Transmission in Motion

Documentation

Life, Universe, and Karen Barad: The Stage of Death by A Thousand Agential Cuts – Olga Efremov

 

 

When it comes to thinking about the future, I am a self-confessed techno-optimist, or to be more academically precise, a strong believer in what Jennifer Gildley (2017) called “integral futures” the incorporate “mixed methods, transcisciplinarity, complex bricolage” (95). As the seminar presenters Sonja Rebecca Rattay and Irina Shklovski noted when speaking about the social imaginaries of AI, “[t]he reality will most likely lie somewhere in between, in an uncomfortable grey zone of compromises, trade-offs and negotiations of values and desired futures. In these negotiations, moral values can be interpreted and actualized in many different ways” (Utrecht University 2022a). The complex intermediality of AI social imaginaries made me wonder whether these negotiations could be appropriately theorised through the lens of Karen Barad’s “relational ontology of agential realism” (2007, 389) as ontologically inseparable entanglements. Barad points out that “entanglements are highly specific configurations and it is very hard work building apparatuses to study them, in part because they change with each intra-action” (Barad, 74).

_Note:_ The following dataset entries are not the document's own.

Lemma clamped_id g al r t : 0 <= r -> 0 <= t <= al -> clamped g al r t = g (polar r t).
Proof. intros Hr Ht. unfold clamped. rewrite Rmax0_id, clamp_angle_id by lra. reflexivity. Qed.

Section Clamped.
Variables (g : C -> C) (al : R).
Hypothesis Hal : 0 <= al.
Hypothesis Hcont : forall r t, 0 <= r -> 0 <= t <= al -> ccont_pt g (polar r t).

Lemma clamped_cont_r t x : cont_pt (fun r => clamped g al r t) x.
Proof.
  intros eps He.
  destruct (Hcont (Rmax 0 x) (clamp_angle al t) (Rmax_l _ _) (clamp_angle_range al t Hal) eps He)
    as [d [Hd P]].
  exists d. split; auto. intros y Hy. unfold clamped. apply P.
  eapply Rle_lt_trans. apply polar_lip. rewrite Rminus_diag, Rabs_R0, Rmult_0_r, Rplus_0_r.
  eapply Rle_lt_trans. apply Rmax0_lip. exact Hy.
Qed.

Lemma clamped_cont_t r x : cont_pt (fun t => clamped g al r t) x.
Proof.
  intros eps He.
  destruct (Hcont (Rmax 0 r) (clamp_angle al x) (Rmax_l _ _) (clamp_angle_range al x Hal) eps He)
    as [d [Hd P]].
  set (m := Rabs (Rmax 0 r)). assert (Hm : 0 <= m) by apply Rabs_pos.
  exists (d / (2 * m + 1)). split. apply Rdiv_lt_0_compat; lra.
  intros y Hy. unfold clamped. apply P.
  eapply Rle_lt_trans. apply polar_lip. rewrite Rminus_diag, Rabs_R0, Rplus_0_l. fold m.
  pose proof (clamp_angle_lip al y x).
  apply Rmult_lt_compat_l with (r := 2 * m + 1) in Hy; [|lra].
  field_simplify in Hy; [|lra].
  pose proof (Rabs_pos (y - x)). pose proof (Rabs_pos (clamp_angle al y - clamp_angle al x)). nra.
Qed.

Lemma ray_ex_RInt t u v : 0 <= t <= al -> 0 <= u -> 0 <= v ->
  @ex_RInt C_R_CompleteNormedModule (fun r => g (polar r t)) u v.
Proof.
  intros Ht Hu Hv. apply (ex_RInt_ext (V := C_R_CompleteNormedModule) (fun r => clamped g al r t)).
  - intros x Hx. apply clamped_id; [|lra].
    pose proof (Rmin_glb u v 0). unfold Rmin in *; destruct Rle_dec; lra.
  - apply ex_RInt_cont_pt. intros; apply clamped_cont_r.
Qed.

Lemma ray_ex_RInt_Cmod t u v : 0 <= t <= al -> 0 <= u -> 0 <= v ->
  ex_RInt (fun r => Cmod (g (polar r t))) u v.
Proof.
  intros Ht Hu Hv. apply (ex_RInt_ext (V := R_CompleteNormedModule) (fun r => Cmod (clamped g al r t))).
  - intros x Hx. rewrite clamped_id; [reflexivity| |lra].
    pose proof (Rmin_glb u v 0). unfold Rmin in *; destruct Rle_dec; lra.
  - apply ex_RInt_Cmod. intros; apply clamped_cont_r.
Qed.

Lemma arc_ex_RInt R0 : 0 <= R0 ->
  @ex_RInt C_R_CompleteNormedModule (fun t => g (polar R0 t) * polar_dt R0 t)%C 0 al.
Proof.
  intros HR.
  apply (ex_RInt_ext (V := C_R_CompleteNormedModule) (fun t => clamped g al R0 t * polar_dt R0 t)%C).
  - intros x Hx. rewrite Rmin_left, Rmax_right in Hx by lra. rewrite clamped_id by lra. reflexivity.
  - apply ex_RInt_cont_pt. intros z _. apply cont_pt_mult. apply clamped_cont_t.
    apply cont_pt_of_derive; unfold polar_dt, eit, cexp, Cmult; simpl; auto_derive; auto.
Qed.

End Clamped.
(* The coefficient truncation map $Q:\sum_{x}a_x\lambda(x)\mapsto\sum_{x\in K}a_x\lambda(x)$, defined on finite linear combinations of $\lambda(x)$, $x\in F_\infty$ (i.e. the orthogonal projection onto $\ell_2(K)$), satisfies $\|Q_n(T)\|\le 2\|T\|$ for all $n$ and all $T\in M_n(\mathrm{span}\{\lambda(x):x\in F_\infty\})$. Consequently $Q$ extends to a completely bounded projection of cb-norm at most $2$ from $C^*_\lambda(F_\infty)$ onto $C^*_\lambda(K)$.
   Context: Let $F_\infty$ be the free group with free generators split into two infinite families $\alpha_1,\alpha_2,\dots$ and $e_1,e_2,\dots$. Let $F_\alpha$ be the subgroup generated by the $\alpha_i$, and $K=\bigcup_{j\ge1}e_jF_\alpha\subseteq F_\infty$. On $\ell_2(F_\infty)$ (orthonormal basis $\{\delta_x\}$) let $\lambda(x)\delta_y=\delta_{xy}$; $C^*_\lambda(F_\infty)$ is the norm closure of $\mathrm{span}\{\lambda(x)\}$ in $B(\ell_2(F_\infty))$, and $C^*_\lambda(K)$ is the norm closure of $\mathrm{span}\{\lambda(x):x\in K\}$ there. $Q_n$ denotes $Q$ applied entrywise to $n\times n$ matrices, with $M_n(B(H))=B(H^n)$. *)

(* Free group F_oo on generators alpha_i, e_j (i, j : nat),
   modelled by reduced words; finitely supported elements of the group algebra
   and of l2(F_oo)^n are modelled as finite formal sums (lists of
   coefficient/group-element pairs). *)
From HB Require Import structures.
From mathcomp Require Import all_boot all_order all_algebra.
From mathcomp Require Import complex.
From mathcomp Require Import reals.
Set Implicit Arguments. Unset Strict Implicit. Unset Printing Implicit Defensive.
Import Order.TTheory GRing.Theory Num.Theory.
Local Open Scope ring_scope.

(* generators: inl i = alpha_i, inr j = e_j *)
Definition gen := (nat + nat)%type.
(* a letter: a generator together with an "inverse" flag (true = inverse) *)
Definition letter := (gen * bool)%type.

Definition linv (l : letter) : letter := (l.1, ~~ l.2).

(* free reduction: push letters one by one on a stack (stored reversed) *)
Definition push (st : seq letter) (l : letter) : seq letter :=
  match st with
  | m :: st' => if m == linv l then st' else l :: m :: st'
  | [::] => [:: l]
  end.
Definition reduce (w : seq letter) : seq letter := rev (foldl push [::] w).

Fixpoint reducedb (w : seq letter) : bool :=
  match w with
  | l :: ((m :: _) as w') => (m != linv l) && reducedb w'
  | _ => true
  end.

Definition Finf := {w : seq letter | reducedb w}.
HB.instance Definition _ := [isSub for (@sval _ (fun w => reducedb w))].
HB.instance Definition _ := [Countable of Finf by <:].

Definition Fone : Finf := exist _ [::] isT.

(* product in F_oo: free reduction of the concatenation (the result of
   [reduce] is always reduced, so the default [Fone] is never used) *)
Definition fmul (x y : Finf) : Finf := insubd Fone (reduce (val x ++ val y)).

Definition isAlpha (l : letter) : bool := if l.1 is inl _ then true else false.

(* K = union_j e_j F_alpha : reduced words  e_j . (reduced word in the alpha's) *)
Definition inK (x : Finf) : bool :=
  match val x with
  | (inr _, false) :: rest => all isAlpha rest
  | _ => false
  end.

Section Ops.
Variable R : realType.
Local Notation C := R[i].

Definition abs2 (z : C) : R := let: Complex a b := z in a ^+ 2 + b ^+ 2.

(* finite formal sum  sum_{(c,x) in s} c * (lambda(x) or delta_x) *)
Definition fsum := seq (C * Finf).

Definition coef (s : fsum) (g : Finf) : C := \sum_(p <- s | p.2 == g) p.1.

Definition norm2 (s : fsum) : R :=
  \sum_(g <- undup (map snd s)) abs2 (coef s g).

(* (sum c_x lambda(x)) applied to (sum d_y delta_y) = sum c_x d_y delta_{xy} *)
Definition act (a v : fsum) : fsum :=
  [seq (p.1 * q.1, fmul p.2 q.2) | p <- a, q <- v].

(* vectors in l2(F_oo)^n with finite support, and n x n matrices over
   span{lambda(x)} *)
Definition vnorm2 (n : nat) (v : 'I_n -> fsum) : R := \sum_(i < n) norm2 (v i).

Definition mxact (n : nat) (T : 'I_n -> 'I_n -> fsum) (v : 'I_n -> fsum)
  : 'I_n -> fsum :=
  fun i => flatten [seq act (T i j) (v j) | j <- enum 'I_n].

Definition Qtr (s : fsum) : fsum := [seq p <- s | inK p.2].
Definition Qn (n : nat) (T : 'I_n -> 'I_n -> fsum) : 'I_n -> 'I_n -> fsum :=
  fun i j => Qtr (T i j).

(* ||T|| <= c  on  l2(F_oo)^n  (tested on the dense subspace of finitely
   supported vectors, which suffices since T is bounded) *)
Definition opnorm_le (n : nat) (T : 'I_n -> 'I_n -> fsum) (c : R) : Prop :=
  forall v : 'I_n -> fsum, vnorm2 (mxact T v) <= c ^+ 2 * vnorm2 v.
End Ops.

From HB Require Import structures.
From mathcomp Require Import all_boot all_order all_algebra.
From mathcomp Require Import complex.
From mathcomp Require Import reals.
From mathcomp Require Import ring lra.
Set Implicit Arguments. Unset Strict Implicit. Unset Printing Implicit Defensive.
Import Order.TTheory GRing.Theory Num.Theory.

(* For reduced words g, y with x = g y, whether g lies in K = U_j e_j F_alpha
   can be read off from x and y alone: either x = e_j x' where x' and y agree
   once their leading alpha-letters are stripped, or y with its leading
   alpha-letters stripped is e_j^-1 x; the two cases exclude each other.
   Since the (x, y) entry of Q_n(T) is 1_K(x y^-1) T(x y^-1), Q_n(T) is the
   sum of two Schur multipliers of the form 1[a(x) = b(y)] applied to T.  Each
   of these is a block-diagonal compression sum_k P_{a = k} T P_{b = k} by
   mutually orthogonal projections, hence has norm at most ||T||. *)

(** * Reduced words *)

Lemma catIs (T : Type) : left_injective (@cat T).
Proof.
move=> w s t E; have Est : size s = size t.
  by move: (congr1 size E); rewrite !size_cat => /addIn.
by move/(congr1 (take (size s))): E; rewrite take_size_cat // Est take_size_cat.
Qed.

The privilege and pleasure of a digital culture researcher is the opportunity to engage with visual and often aesthetically appealing representation of such configurations. According to media art scholars Christel Stalpaert, Kristof van Baarle and Laura Karreman (2021), “the contemporary performing arts render interesting configurations of what we called composite bodies and posthuman prototypes” (4). Shortly before the seminar I have attended an experimental VR performance Transcendance produced and staged by Theater Utrecht’s Innovation:Lab in collaboration with Studio VRij (Picture 1). A mesmerising tale of unity, transformation and transience narrated through the intra-action of the performing human body of the choreograph and dancer Ruben Chi and his digital representation on VR stage opens the conversation with the audience about the aesthetics of the “theatre of the future” (Theatre Utrecht n.d.). At the same time, it calls those willing to reflect on the emerging theatre forms as social imaginaries to consider what Barad calls “a posthumanist ethics, an ethics of worlding” (392). In Meeting the Universe Halfway, Barad argues that “as long as representation is the name of the game, the notion of mediation—whether through the lens of consciousness, language, culture, technology, or labor—holds nature at bay” (375).

 

Picture 1. Developing Transcendance at Theatre Utrecht Innovation:Lab (2022).

 

The innovative forms of representation offered by VR technology invite a discussion not only about the aesthetic affordances of AI, but also of the narrative logic of putting a human body in the centre of all that intra-action (Picture 2). In my previous blogpost I wrote about “the potential to die” that Heiner Müller argued “is specific to the theatre” (Utrecht University 2022b). Transcendance takes the spectators through the process of death by a thousand agential cuts that “cut things together and apart” (Barad, 381). The narrative logic of the performance, while strongly reminiscent of Joseph Campbell’s Hero’s Journey as popularised by Star Wars cinematic storytelling, takes the spectator beyond a mere tale of the protagonist’s individuation. As Karen Barad emphasises, “agential separability is not individuation. Ethics is therefore not about right response to a radically exterior/ized other, but about responsibility and accountability for the lively relationalities of becoming of which we are a part” (393). Perhaps “the potential to die” embedded in performative AI imaginaries is not the dystopian tale of human obsolesce, but rather an invitation to a never-ending journey of experimental entanglements and configurations in which the present reality of AI systems is negotiated? Only the future can tell.

 

Picture 2. Transendance aesthetics.

 

References

Barad, Karen. 2007. “The Ontology of Knowing, the Intra-Activity of Becoming, and the Ethics of Mattering.” In Meeting the Universe Halfway: Quantum Physics and the Entanglement of Matter and Meaning, 353–96. Durham: Duke University Press. https://doi.org/10.2307/j.ctv12101zq.12.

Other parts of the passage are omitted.